** Material to process follows **

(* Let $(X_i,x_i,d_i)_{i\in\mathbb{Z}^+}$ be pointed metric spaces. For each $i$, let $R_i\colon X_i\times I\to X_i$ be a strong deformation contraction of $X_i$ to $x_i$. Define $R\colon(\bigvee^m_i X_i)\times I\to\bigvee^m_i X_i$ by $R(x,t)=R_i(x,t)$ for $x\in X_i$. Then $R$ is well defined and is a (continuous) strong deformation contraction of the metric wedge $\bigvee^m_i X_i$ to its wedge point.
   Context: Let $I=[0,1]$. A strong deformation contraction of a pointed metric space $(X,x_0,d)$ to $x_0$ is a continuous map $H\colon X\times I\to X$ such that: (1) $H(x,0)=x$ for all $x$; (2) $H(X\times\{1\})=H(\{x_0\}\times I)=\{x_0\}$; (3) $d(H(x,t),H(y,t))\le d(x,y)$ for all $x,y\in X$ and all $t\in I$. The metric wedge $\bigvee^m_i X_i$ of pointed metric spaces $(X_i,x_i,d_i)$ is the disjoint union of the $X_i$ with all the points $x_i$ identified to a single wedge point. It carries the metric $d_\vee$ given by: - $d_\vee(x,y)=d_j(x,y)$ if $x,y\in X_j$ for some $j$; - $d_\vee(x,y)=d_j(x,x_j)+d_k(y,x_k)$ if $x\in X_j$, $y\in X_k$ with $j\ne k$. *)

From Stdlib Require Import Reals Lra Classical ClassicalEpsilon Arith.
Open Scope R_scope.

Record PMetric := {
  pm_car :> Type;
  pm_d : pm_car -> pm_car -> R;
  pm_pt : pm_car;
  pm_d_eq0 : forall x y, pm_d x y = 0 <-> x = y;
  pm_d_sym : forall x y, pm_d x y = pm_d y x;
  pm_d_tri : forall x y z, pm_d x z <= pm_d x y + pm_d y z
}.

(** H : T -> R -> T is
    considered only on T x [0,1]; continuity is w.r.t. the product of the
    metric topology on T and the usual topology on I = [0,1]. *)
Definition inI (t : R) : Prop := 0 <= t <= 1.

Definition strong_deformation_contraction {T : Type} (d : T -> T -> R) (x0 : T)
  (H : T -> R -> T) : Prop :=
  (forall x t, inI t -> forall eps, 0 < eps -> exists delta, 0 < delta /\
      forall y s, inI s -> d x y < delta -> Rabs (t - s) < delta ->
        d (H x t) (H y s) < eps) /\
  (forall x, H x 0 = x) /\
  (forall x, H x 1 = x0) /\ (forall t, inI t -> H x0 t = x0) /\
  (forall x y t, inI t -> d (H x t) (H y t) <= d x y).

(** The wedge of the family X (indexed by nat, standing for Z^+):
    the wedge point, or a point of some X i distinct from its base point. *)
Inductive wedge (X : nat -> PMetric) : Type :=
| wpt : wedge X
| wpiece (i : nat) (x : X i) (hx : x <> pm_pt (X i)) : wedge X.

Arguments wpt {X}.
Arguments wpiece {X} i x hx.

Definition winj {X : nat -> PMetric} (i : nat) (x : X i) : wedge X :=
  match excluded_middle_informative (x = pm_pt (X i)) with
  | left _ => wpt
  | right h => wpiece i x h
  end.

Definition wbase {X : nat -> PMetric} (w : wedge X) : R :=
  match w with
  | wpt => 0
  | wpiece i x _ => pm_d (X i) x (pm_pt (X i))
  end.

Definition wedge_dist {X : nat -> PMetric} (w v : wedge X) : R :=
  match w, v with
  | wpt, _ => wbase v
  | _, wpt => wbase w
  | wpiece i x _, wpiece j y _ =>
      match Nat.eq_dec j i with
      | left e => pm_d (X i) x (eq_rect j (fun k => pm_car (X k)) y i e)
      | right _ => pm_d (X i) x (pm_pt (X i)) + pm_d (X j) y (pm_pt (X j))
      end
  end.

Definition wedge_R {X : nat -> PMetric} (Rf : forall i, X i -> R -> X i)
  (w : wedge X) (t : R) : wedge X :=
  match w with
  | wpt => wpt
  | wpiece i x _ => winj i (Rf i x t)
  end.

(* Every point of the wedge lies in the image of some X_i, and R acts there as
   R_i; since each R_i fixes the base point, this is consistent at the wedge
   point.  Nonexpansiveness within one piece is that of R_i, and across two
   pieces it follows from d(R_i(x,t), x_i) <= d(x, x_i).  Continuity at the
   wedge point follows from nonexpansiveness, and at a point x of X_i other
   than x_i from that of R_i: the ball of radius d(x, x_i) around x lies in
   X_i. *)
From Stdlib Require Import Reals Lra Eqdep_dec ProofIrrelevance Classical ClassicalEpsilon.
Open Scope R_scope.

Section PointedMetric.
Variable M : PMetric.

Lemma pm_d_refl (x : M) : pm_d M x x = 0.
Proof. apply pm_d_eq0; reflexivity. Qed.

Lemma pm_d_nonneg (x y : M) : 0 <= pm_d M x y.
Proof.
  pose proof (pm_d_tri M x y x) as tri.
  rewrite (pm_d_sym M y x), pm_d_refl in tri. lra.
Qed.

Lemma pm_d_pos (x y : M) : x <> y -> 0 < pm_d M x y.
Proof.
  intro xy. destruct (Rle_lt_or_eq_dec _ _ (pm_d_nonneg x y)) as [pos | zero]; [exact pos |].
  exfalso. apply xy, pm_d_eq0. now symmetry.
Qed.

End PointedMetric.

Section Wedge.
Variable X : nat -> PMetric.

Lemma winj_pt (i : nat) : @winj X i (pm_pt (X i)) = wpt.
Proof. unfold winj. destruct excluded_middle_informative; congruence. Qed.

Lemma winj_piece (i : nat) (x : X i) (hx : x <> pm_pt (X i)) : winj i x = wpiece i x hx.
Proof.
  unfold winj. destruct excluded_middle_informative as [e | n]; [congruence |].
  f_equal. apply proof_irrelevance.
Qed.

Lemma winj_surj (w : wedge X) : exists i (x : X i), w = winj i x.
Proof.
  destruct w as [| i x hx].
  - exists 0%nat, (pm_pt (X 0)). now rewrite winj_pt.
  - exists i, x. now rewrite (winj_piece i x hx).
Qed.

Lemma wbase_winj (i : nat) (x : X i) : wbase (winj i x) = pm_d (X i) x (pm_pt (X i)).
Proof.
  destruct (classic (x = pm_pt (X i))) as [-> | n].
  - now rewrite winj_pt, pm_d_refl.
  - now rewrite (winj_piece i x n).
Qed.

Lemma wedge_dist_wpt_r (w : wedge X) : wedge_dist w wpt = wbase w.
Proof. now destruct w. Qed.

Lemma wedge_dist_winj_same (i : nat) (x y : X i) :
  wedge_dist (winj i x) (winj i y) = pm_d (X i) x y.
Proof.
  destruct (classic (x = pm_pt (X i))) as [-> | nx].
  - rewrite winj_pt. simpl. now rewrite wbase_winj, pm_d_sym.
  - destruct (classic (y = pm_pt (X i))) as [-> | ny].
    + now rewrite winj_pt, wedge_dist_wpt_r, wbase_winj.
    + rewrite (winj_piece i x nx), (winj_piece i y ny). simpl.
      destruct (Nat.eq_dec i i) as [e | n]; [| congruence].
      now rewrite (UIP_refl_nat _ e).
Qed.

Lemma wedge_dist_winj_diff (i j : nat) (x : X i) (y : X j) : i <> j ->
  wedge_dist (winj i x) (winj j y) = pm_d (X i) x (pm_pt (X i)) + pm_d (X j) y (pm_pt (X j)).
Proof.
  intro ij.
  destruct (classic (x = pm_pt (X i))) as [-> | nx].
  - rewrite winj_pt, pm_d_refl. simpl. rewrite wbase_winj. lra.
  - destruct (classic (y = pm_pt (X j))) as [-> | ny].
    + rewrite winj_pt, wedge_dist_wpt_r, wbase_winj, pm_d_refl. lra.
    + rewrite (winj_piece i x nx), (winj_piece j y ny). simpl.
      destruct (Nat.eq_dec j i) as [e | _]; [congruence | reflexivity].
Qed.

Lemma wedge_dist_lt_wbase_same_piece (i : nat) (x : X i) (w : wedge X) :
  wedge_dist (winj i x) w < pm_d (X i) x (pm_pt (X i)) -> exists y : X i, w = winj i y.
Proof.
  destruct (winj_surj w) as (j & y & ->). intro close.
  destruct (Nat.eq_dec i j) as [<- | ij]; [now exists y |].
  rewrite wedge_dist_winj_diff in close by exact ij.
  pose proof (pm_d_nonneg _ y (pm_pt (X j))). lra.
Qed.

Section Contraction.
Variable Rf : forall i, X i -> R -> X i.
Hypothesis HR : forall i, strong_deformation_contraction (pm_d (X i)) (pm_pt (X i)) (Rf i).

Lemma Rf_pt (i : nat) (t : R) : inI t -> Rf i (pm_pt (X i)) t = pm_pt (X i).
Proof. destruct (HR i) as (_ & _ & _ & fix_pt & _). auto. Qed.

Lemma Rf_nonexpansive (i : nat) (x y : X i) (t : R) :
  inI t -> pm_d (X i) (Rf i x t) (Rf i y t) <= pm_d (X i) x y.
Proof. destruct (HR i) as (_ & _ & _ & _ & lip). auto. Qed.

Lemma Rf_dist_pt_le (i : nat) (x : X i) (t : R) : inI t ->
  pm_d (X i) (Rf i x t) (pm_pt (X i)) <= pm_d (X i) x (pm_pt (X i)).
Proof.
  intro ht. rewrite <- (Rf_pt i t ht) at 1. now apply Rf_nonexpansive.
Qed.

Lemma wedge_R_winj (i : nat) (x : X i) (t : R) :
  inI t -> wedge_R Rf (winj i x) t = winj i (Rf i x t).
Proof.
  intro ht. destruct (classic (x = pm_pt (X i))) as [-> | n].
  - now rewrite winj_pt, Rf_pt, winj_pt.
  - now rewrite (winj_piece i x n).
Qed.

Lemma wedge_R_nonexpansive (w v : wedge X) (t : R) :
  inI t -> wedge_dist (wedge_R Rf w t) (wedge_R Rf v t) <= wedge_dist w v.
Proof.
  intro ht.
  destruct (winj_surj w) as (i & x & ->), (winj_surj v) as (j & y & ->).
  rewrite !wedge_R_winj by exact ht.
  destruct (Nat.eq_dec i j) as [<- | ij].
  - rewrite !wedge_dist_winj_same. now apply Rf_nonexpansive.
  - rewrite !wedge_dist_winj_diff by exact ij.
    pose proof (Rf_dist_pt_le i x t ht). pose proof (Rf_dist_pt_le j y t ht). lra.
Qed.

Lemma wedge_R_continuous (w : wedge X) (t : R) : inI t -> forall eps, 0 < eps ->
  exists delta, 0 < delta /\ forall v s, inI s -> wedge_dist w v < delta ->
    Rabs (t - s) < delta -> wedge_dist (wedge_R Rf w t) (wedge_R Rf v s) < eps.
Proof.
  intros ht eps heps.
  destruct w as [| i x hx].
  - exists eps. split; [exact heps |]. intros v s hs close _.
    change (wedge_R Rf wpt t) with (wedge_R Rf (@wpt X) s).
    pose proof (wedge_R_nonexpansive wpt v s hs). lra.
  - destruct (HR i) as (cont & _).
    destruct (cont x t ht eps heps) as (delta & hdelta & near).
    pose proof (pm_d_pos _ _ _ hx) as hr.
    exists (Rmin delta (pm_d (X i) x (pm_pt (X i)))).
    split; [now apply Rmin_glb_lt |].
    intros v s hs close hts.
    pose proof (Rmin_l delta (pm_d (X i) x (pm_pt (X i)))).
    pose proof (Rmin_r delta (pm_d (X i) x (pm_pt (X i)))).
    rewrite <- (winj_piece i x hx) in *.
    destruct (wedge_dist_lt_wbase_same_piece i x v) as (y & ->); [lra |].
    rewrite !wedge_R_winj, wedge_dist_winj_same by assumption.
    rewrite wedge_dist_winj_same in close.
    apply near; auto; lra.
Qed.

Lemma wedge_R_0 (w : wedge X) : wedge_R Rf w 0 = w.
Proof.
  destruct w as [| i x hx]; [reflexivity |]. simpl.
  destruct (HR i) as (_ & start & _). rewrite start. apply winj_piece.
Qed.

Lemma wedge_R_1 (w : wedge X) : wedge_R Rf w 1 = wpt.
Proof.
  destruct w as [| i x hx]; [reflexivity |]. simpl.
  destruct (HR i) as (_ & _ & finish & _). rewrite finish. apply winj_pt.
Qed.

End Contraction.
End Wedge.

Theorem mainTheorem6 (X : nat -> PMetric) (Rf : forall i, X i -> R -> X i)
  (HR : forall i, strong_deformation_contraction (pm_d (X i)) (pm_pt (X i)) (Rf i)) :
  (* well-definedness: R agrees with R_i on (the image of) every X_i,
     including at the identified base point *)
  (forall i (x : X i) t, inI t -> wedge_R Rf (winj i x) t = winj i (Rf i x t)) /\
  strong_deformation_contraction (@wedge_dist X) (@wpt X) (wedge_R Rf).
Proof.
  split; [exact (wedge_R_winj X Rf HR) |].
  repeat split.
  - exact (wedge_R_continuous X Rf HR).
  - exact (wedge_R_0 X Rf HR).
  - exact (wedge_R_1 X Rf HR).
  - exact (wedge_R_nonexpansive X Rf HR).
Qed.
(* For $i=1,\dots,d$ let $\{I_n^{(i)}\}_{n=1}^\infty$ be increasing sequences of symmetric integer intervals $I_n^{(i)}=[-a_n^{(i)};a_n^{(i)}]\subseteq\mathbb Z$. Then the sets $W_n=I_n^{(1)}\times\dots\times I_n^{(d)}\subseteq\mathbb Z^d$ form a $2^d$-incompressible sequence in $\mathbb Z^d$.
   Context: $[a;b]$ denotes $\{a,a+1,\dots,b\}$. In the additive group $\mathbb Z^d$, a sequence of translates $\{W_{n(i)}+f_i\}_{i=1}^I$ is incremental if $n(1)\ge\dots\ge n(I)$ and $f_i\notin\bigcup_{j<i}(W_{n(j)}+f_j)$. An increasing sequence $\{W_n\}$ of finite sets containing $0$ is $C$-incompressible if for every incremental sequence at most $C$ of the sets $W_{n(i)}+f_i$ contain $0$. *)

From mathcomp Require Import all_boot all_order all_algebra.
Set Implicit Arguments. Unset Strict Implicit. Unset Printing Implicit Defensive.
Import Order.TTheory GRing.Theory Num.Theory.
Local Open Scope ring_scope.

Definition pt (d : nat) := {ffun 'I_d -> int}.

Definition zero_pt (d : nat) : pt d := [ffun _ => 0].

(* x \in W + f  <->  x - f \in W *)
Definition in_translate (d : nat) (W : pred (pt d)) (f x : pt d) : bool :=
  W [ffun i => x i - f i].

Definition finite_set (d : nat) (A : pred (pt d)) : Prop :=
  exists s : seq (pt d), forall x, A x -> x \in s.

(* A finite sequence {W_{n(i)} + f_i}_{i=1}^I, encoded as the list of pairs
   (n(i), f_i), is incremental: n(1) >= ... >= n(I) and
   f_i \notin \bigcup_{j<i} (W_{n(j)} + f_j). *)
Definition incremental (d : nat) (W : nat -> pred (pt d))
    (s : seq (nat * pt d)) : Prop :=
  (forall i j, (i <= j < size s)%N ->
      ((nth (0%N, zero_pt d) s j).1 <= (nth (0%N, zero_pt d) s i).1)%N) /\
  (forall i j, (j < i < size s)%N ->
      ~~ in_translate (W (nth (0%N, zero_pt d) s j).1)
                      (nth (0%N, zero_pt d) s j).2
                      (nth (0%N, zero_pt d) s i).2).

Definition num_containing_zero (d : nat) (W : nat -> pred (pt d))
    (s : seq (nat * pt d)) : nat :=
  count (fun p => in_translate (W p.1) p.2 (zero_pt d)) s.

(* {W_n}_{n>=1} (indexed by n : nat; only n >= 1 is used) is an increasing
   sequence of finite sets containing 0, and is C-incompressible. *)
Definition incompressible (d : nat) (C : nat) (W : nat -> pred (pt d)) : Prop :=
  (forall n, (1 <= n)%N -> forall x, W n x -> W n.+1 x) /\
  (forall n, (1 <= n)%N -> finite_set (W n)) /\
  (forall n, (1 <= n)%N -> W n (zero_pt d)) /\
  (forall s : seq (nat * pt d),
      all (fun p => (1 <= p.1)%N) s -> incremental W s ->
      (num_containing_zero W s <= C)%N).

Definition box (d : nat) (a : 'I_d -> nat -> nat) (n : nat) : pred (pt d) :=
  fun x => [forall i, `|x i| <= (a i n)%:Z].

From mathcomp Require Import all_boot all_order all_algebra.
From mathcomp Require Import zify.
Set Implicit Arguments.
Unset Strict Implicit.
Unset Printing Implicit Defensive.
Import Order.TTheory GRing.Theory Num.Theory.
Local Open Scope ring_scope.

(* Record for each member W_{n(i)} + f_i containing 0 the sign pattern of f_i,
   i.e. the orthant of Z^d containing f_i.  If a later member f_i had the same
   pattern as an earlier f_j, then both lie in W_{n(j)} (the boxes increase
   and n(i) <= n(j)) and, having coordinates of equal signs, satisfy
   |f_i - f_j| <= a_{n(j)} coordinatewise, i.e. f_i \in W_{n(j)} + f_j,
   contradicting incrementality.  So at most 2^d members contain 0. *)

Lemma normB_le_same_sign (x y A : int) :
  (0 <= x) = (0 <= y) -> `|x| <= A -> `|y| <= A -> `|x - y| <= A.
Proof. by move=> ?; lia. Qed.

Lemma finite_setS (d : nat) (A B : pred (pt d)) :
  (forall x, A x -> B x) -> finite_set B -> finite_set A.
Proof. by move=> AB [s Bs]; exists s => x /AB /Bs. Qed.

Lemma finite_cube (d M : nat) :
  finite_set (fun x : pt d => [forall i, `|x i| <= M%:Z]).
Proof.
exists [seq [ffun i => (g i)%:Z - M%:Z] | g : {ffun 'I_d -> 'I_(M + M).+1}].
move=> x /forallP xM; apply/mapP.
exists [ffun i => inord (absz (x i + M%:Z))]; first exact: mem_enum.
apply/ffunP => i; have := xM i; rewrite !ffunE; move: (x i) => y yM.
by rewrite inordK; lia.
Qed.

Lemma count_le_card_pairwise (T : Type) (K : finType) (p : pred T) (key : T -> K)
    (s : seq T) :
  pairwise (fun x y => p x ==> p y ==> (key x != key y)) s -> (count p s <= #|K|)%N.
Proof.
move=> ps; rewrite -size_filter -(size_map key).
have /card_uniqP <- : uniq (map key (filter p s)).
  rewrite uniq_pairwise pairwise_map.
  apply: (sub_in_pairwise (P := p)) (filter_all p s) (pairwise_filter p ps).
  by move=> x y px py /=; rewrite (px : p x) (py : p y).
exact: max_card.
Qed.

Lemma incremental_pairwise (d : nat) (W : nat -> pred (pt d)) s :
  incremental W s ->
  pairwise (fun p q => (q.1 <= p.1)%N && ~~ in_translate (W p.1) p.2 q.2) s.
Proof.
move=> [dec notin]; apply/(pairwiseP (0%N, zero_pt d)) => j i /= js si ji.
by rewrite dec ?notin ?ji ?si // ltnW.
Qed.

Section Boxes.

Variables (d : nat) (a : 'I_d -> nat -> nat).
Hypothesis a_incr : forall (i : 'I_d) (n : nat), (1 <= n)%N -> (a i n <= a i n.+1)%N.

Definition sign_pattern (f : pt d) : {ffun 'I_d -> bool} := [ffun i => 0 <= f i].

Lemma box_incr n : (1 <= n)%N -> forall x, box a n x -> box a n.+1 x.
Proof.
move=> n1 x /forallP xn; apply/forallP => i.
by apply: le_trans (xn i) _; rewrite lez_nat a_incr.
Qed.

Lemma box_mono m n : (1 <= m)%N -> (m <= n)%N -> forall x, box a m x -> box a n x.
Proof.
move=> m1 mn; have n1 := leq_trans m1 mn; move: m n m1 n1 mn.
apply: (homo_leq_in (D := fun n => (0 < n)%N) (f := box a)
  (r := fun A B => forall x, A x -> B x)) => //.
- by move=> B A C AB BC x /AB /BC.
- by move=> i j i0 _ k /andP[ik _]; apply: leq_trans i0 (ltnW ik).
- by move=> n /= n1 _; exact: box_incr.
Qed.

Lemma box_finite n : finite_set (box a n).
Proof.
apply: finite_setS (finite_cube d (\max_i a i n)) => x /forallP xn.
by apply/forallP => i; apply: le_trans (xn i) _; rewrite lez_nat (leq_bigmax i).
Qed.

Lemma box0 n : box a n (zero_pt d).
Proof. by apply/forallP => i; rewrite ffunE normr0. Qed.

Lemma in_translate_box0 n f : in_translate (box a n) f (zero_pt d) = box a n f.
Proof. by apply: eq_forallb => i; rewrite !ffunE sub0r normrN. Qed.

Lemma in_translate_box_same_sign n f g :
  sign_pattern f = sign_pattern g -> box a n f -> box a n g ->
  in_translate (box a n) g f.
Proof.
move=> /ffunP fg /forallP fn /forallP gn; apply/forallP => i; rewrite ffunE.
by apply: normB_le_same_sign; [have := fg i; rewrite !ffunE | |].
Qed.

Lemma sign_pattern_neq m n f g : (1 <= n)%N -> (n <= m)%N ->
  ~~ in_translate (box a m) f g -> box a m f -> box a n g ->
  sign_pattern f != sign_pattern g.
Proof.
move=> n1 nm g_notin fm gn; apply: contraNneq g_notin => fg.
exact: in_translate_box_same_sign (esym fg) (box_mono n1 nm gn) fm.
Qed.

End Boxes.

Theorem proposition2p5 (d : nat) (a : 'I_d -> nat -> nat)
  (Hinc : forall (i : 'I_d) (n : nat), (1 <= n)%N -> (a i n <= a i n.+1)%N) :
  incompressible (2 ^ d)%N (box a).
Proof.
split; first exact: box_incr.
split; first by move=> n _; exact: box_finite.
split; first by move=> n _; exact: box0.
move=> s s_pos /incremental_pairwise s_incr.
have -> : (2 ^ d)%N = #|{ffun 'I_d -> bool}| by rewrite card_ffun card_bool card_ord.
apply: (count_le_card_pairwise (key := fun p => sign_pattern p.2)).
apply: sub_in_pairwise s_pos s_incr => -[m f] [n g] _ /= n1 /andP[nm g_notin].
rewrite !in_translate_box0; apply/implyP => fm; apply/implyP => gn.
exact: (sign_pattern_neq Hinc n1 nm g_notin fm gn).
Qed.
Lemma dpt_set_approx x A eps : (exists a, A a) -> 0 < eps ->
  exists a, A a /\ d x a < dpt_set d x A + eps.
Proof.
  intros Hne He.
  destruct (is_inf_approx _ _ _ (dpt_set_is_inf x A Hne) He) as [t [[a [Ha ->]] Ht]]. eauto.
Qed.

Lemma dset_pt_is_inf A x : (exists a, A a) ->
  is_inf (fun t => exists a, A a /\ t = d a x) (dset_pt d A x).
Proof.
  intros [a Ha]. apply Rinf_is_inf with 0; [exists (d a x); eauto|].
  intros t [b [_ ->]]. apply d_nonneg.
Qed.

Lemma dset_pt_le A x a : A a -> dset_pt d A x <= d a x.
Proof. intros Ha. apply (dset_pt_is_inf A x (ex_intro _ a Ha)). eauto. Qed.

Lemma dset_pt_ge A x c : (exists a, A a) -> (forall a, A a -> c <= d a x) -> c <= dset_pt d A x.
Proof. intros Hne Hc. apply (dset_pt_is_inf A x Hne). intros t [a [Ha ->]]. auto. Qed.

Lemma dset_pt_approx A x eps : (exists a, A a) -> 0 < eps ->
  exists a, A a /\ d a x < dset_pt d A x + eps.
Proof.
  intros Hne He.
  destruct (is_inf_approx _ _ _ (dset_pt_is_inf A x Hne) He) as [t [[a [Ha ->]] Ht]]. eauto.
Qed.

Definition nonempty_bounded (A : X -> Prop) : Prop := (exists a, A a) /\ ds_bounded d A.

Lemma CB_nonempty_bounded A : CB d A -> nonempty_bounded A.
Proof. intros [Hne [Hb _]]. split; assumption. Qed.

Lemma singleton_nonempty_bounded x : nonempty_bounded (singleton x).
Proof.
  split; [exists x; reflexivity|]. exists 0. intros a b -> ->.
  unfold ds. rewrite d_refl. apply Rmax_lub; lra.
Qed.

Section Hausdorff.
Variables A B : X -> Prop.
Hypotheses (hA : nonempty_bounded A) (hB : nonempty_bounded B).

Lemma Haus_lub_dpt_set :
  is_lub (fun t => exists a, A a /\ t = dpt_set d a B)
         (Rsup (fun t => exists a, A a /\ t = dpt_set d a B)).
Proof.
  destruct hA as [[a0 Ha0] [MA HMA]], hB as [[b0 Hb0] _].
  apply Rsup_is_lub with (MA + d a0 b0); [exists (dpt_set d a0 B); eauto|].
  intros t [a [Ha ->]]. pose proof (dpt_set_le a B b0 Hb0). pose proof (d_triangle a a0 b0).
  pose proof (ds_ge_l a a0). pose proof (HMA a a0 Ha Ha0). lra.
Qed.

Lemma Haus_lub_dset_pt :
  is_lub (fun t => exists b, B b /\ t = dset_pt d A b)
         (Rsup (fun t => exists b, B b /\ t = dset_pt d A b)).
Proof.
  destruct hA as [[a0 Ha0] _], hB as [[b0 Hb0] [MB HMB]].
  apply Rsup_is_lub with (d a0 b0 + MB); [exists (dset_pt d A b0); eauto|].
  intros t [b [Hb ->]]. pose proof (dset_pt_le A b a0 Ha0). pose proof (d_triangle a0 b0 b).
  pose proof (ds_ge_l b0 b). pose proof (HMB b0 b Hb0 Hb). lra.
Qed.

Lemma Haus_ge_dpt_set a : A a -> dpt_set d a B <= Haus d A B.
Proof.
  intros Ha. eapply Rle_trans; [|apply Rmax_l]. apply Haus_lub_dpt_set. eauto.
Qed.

** End of Material to process **

Copy out the lines above that hold the string "Rabs".

Expected answer:
      forall y s, inI s -> d x y < delta -> Rabs (t - s) < delta ->
    Rabs (t - s) < delta -> wedge_dist (wedge_R Rf w t) (wedge_R Rf v s) < eps.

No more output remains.